I not only took a sabatical, I resigned my position as an administrative secretary.  I was totally or almost brain dead from organizing everyone's life, so at 62 1/2, I resigned.  Everyone was flabbergasted.  I'm the quiet one that diligently works behind the scenes keeping all the props in order and calendars and reports organized.  I don't grumble, so no one knew I was stressing out.  What a master magician I had become.  God knew.  He kept whispering to me as I told him how tired I was in prayer and in my journal 'Resign, come home and rest.'  I wasn't sure I was hearing him correctly.  I thought it was just wishful thinking, but when the fatigue persisted, I talked it over with my husband and good friends, took a couple of days off, prayed and then came to a decision.  I have been home exactly one month, and did not realize just how tired I was.  It feels so good to know I do not have to keep everyone organized any longer.  I can pursue the reading, reflection and creative avenues that I've been putting off for far too long.  God heard me and invited me to walk more slowly with Him.  I am full of gratitude and excitement.  I feel an incredible love as I walk slowly with my God.  This is my hearts desire.  Thank you Father.

Irma

Irma

Posted at 8:51 pm (U.S. Eastern) 1/5/2010

Thanks for sharing so freely and personally.  Many, including me, can relate to your story, I'm sure.  --  In my own journey, this book has been of great help to me:  "Sabbath: Finding Rest, Renewal, and Delight in Our Busy Lives" by Wayne Muller.

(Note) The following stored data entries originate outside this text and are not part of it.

Lemma admissible_affine_indic (a : R) (w : V) :
  admissible 0 (fun z => (a + dotv (row_of_tuple z) w) * \1_U (row_of_tuple z)).
Proof.
apply: (@admissible_mul_indic (fun x => a + dotv x w) (`|a| + \sum_(j < N) `|w 0 j|)).
  by apply: measurable_funD; [exact: measurable_cst | exact: measurable_dotv_row].
move=> x x1; apply: le_trans (ler_normD _ _) _; rewrite lerD2l.
have := @dotv_lipschitz _ _ x 0 w 1; rewrite dotv0l subr0 mul1r; apply=> j.
by rewrite mxE subr0; exact: coord_le1.
Qed.

Lemma integralV_affine_indic (a : R) (w : V) :
  integralV (fun x => (a + dotv x w) * \1_U x) =
  a * volume U + \sum_(j < N) w 0 j * integralV (fun x => x 0 j * \1_U x).
Proof.
have affineE : (fun x => (a + dotv x w) * \1_U x) =
    (fun x => a * (1 * \1_U x) + \sum_(j < N) w 0 j * (x 0 j * \1_U x)).
  by apply/funext => x; rewrite /dotv mulrDl mulr_suml mul1r; congr (_ + _);
     apply: eq_bigr => j _; ring.
pose Gj j z := w 0 j * (row_of_tuple z 0 j * \1_U (row_of_tuple z)).
have gGj j : admissible 0 (Gj j) := admissibleZ _ _ _ (admissible_coord_indic j).
rewrite /volume !integralV_iter_integral affineE /comp.
rewrite iter_integralD //; first last.
- exact: admissible_sum.
- exact: admissibleZ _ _ _ admissible_indic.
rewrite iter_integralZ //; last exact: admissible_indic.
rewrite (iter_integral_sum _ _ (index_enum 'I_N) Gj) //.
congr (_ * _ + _); first by under eq_fun do rewrite mul1r.
apply: eq_bigr => j _; rewrite iter_integralZ ?integralV_iter_integral //.
exact: admissible_coord_indic.
Qed.

(* On a small box around [x0] the integrand stays above half its value at [x0]. *)
Lemma integralV_affine_indic_gt0 (a : R) (w x0 : V) e :
  0 < e -> ball x0 e `<=` U -> (forall x, U x -> 0 <= a + dotv x w) ->
  0 < a + dotv x0 w -> 0 < integralV (fun x => (a + dotv x w) * \1_U x).
Proof.
move=> e0 ballU U_ge0; set f0 := a + dotv x0 w => f0_gt0.
set S := \sum_(j < N) `|w 0 j|.
have S_ge0 : 0 <= S by exact: sumr_ge0.
set r := Num.min (e / 2) (f0 / (2 * (S + 1))).
have r_gt0 : 0 < r by rewrite lt_min !divr_gt0 //; nra.
have re : r <= e / 2 by rewrite ge_min lexx.
have rf : r * S <= f0 / 2.
  have : r <= f0 / (2 * (S + 1)) by rewrite ge_min lexx orbT.
  rewrite ler_pdivlMr; last by nra.
  rewrite ler_pdivlMr //; nra.
pose G z := (a + dotv (row_of_tuple z) w) * \1_U (row_of_tuple z).
have gG : admissible 0 G := admissible_affine_indic a w.
have G_ge0 z : 0 <= G z.
  rewrite /G indicE; case: (boolP (_ \in U)) => [/set_mem/U_ge0|]; last by rewrite mulr0.
  by rewrite mulr1.
have G_box z : (forall i, x0 0 i - r <= tnth z i <= x0 0 i + r) -> f0 / 2 <= G z.
  move=> zr; have zx0 j : `|row_of_tuple z 0 j - x0 0 j| <= r.
    by rewrite row_of_tupleE ler_distl; exact: zr.
  have Uz : U (row_of_tuple z).
    apply/ballU/coord_ball => // j; rewrite distrC; apply: le_lt_trans (zx0 j) _.
    by apply: le_lt_trans re _; rewrite ltr_pdivrMr //; lra.
  rewrite /G indicE mem_set // mulr1.
  have := dotv_lipschitz _ _ w _ zx0; rewrite -/S ler_norml => /andP[+ _].
  by rewrite /f0 in rf *; lra.
have [||d d_gt0 hd] := iter_integral_box_gt0 _ _ _ _ gG G_ge0 _ _ G_box _ (leqnn N).
- by move=> i /=; lra.
- by rewrite divr_gt0.
rewrite integralV_iter_integral; apply: lt_le_trans d_gt0 (hd _ _) => i.
by rewrite leqNgt ltn_ord.
Qed.

End AffineIntegral.
End IntegralV.

Section CutDisk.
Context {R : realType} {n : nat}.
Local Notation V := 'rV[R]_n.+1.
Local Notation N := n.+1.

(* [p = (w, b)] encodes the half-space [b <= <x, w>]. *)
Definition cut_disk (L : seq (V * R)) : set V :=
  [set x | dotv x x <= 1 /\ all (fun p => p.2 <= dotv x p.1) L].

Definition unit_normals (L : seq (V * R)) := all (fun p => dotv p.1 p.1 == 1) L.

Lemma cut_disk_sub L : cut_disk L `<=` disk (R:=R) (n:=n).
Proof. by move=> x []. Qed.

Lemma measurable_le (f : N.-tuple R -> R) c :
  measurable_fun setT f -> measurable [set z | f z <= c].
Proof.
move=> mf; have := mf measurableT _ (measurable_itv `]-oo, c]).
by rewrite setTI; congr measurable; apply/seteqP; split => z /=; rewrite in_itv.
Qed.

Lemma measurable_cut_disk L : measurable (row_of_tuple @^-1` cut_disk L).
Proof.
elim: L => [|p L IH].
  rewrite (_ : _ @^-1` _ = [set z | dotv (row_of_tuple z) (row_of_tuple z) <= 1]).
    exact: measurable_le measurable_dotv_row2.
  by apply/seteqP; split => z /=; [case | split].
rewrite (_ : _ @^-1` _ = [set z | dotv (row_of_tuple z) (- p.1) <= - p.2] `&`
                        row_of_tuple @^-1` cut_disk L).
  by apply: measurableI IH; apply: measurable_le; exact: measurable_dotv_row.
apply/seteqP; split => z /=; rewrite dotvNr lerN2.
  by case=> z1 /andP[zp zL].
by case=> zp [z1 zL]; split => //; apply/andP.
Qed.

End CutDisk.

Section Centroid.
Context {R : realType} {n : nat}.
Local Notation V := 'rV[R]_n.+1.
Variables (L : seq (V * R)) (x0 : V) (e : R).
Hypotheses (uL : unit_normals L) (e_gt0 : 0 < e).
Hypothesis x0_ball : ball x0 e `<=` cut_disk L.
Local Notation U := (cut_disk L).

Lemma ball_shift_half (w : V) : dotv w w <= 1 -> U (x0 + (e / 2) *: w).
Proof.
move=> w1; have e2 : 0 < e / 2 by rewrite divr_gt0.
apply/x0_ball/coord_ball => // j.
rewrite !mxE opprD addrA subrr add0r normrN normrM gtr0_norm //.
by apply: le_lt_trans (ler_wpM2l (ltW e2) (coord_le1 _ j w1)) _; rewrite mulr1; lra.
Qed.

Lemma interior_halfspace_gt p : p \in L -> p.2 < dotv x0 p.1.
Proof.
move=> pL; have p1 : dotv p.1 p.1 = 1 by apply/eqP; move/allP: uL; apply.
have [_ /allP /(_ p pL)] : U (x0 + (e / 2) *: - p.1).
  by apply: ball_shift_half; rewrite dotvNl dotvNr opprK p1.
rewrite /= dotvDl dotvZl dotvNl p1; have : 0 < e / 2 by rewrite divr_gt0.
lra.
Qed.

Lemma interior_open_disk : dotv x0 x0 < 1.
Proof.
have [x01 _] : U x0 by apply: x0_ball; exact: ballxx.
have [] := ball_shift_half x0 x01.
rewrite dotvDl !dotvDr !dotvZl !dotvZr; have : 0 < e / 2 by rewrite divr_gt0.
move: x01; set q := dotv x0 x0; set d := e / 2 => x01 d0 h _.
have q0 : 0 <= q := dotv_ge0 x0.
nra.
Qed.

Let mU := measurable_cut_disk L.
Let U_disk := @cut_disk_sub R n L.

Lemma volume_cut_disk_gt0 : 0 < volume U.
Proof.
have := integralV_affine_indic_gt0 _ mU U_disk 1 0 x0 _ e_gt0 x0_ball.
rewrite integralV_affine_indic // mul1r big1 => [|j _]; last by rewrite mxE mul0r.
by rewrite addr0; apply=> [x _|]; rewrite dotv0r addr0.
Qed.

Thanks for all you do.  May 2010 bring many blessings to you.

 Irma 


Kathy Haueisen Cashen

Kathy Haueisen Cashen

Posted at 2:04 am (U.S. Eastern) 1/5/2010

A couple of years I scheduled a three month self-funded Sabbatical at the end of a term call. The plan was to then get busy figuring out what I wanted to do next--after indulging in reading whatever I wanted to read, going to Israel with a small group, and writing a book. I read a bit. I went to Israel. I worried a lot about the book I wasn't writing. I also began dating a widower so the entire Sabbatical was consumed with getting to know him and eventually marrying him. This led to retirement instead of a new call and adjusting to this new life together. Sometimes God has plans we aren't aware of because we're going too fast to get the memo. Here's to travelling at the speed of life in 2010.

Amber

Amber

Posted at 11:18 am (U.S. Eastern) 1/6/2010

Mel, I prefer the dictionary.com definition of "snarky": 1. Rudely sarcastic or disrespectful; snide 2. Irritable or short-tempered; irascible.

Amber

Amber

Posted at 11:21 am (U.S. Eastern) 1/6/2010

Dee: Good for you! It's funny how hard it is for us to hear the answers to our prayers sometimes, even (especially?) when we're praying desperately. I'm glad you've found some rest and can focus on tending your spirit.

Amber

Amber

Posted at 11:26 am (U.S. Eastern) 1/6/2010

Irma: Thank you for the book suggestion. When we have time "away" it's easier to pursue the goals of sabbath: taking time for steeping ourselves in the Spirit and tending to our bodies, minds, spirits and communities in ways aligned with living in God's grace and care. I suspect I will find Wayne Muller's book a blessing as my life again becomes busier and busier.

Amber

Amber

Posted at 11:29 am (U.S. Eastern) 1/6/2010

Kathy: Thanks for sharing your sabbatical story. And thanks for reminding us to be open to a "still, small voice" that may very well suggest we change our well-laid plans.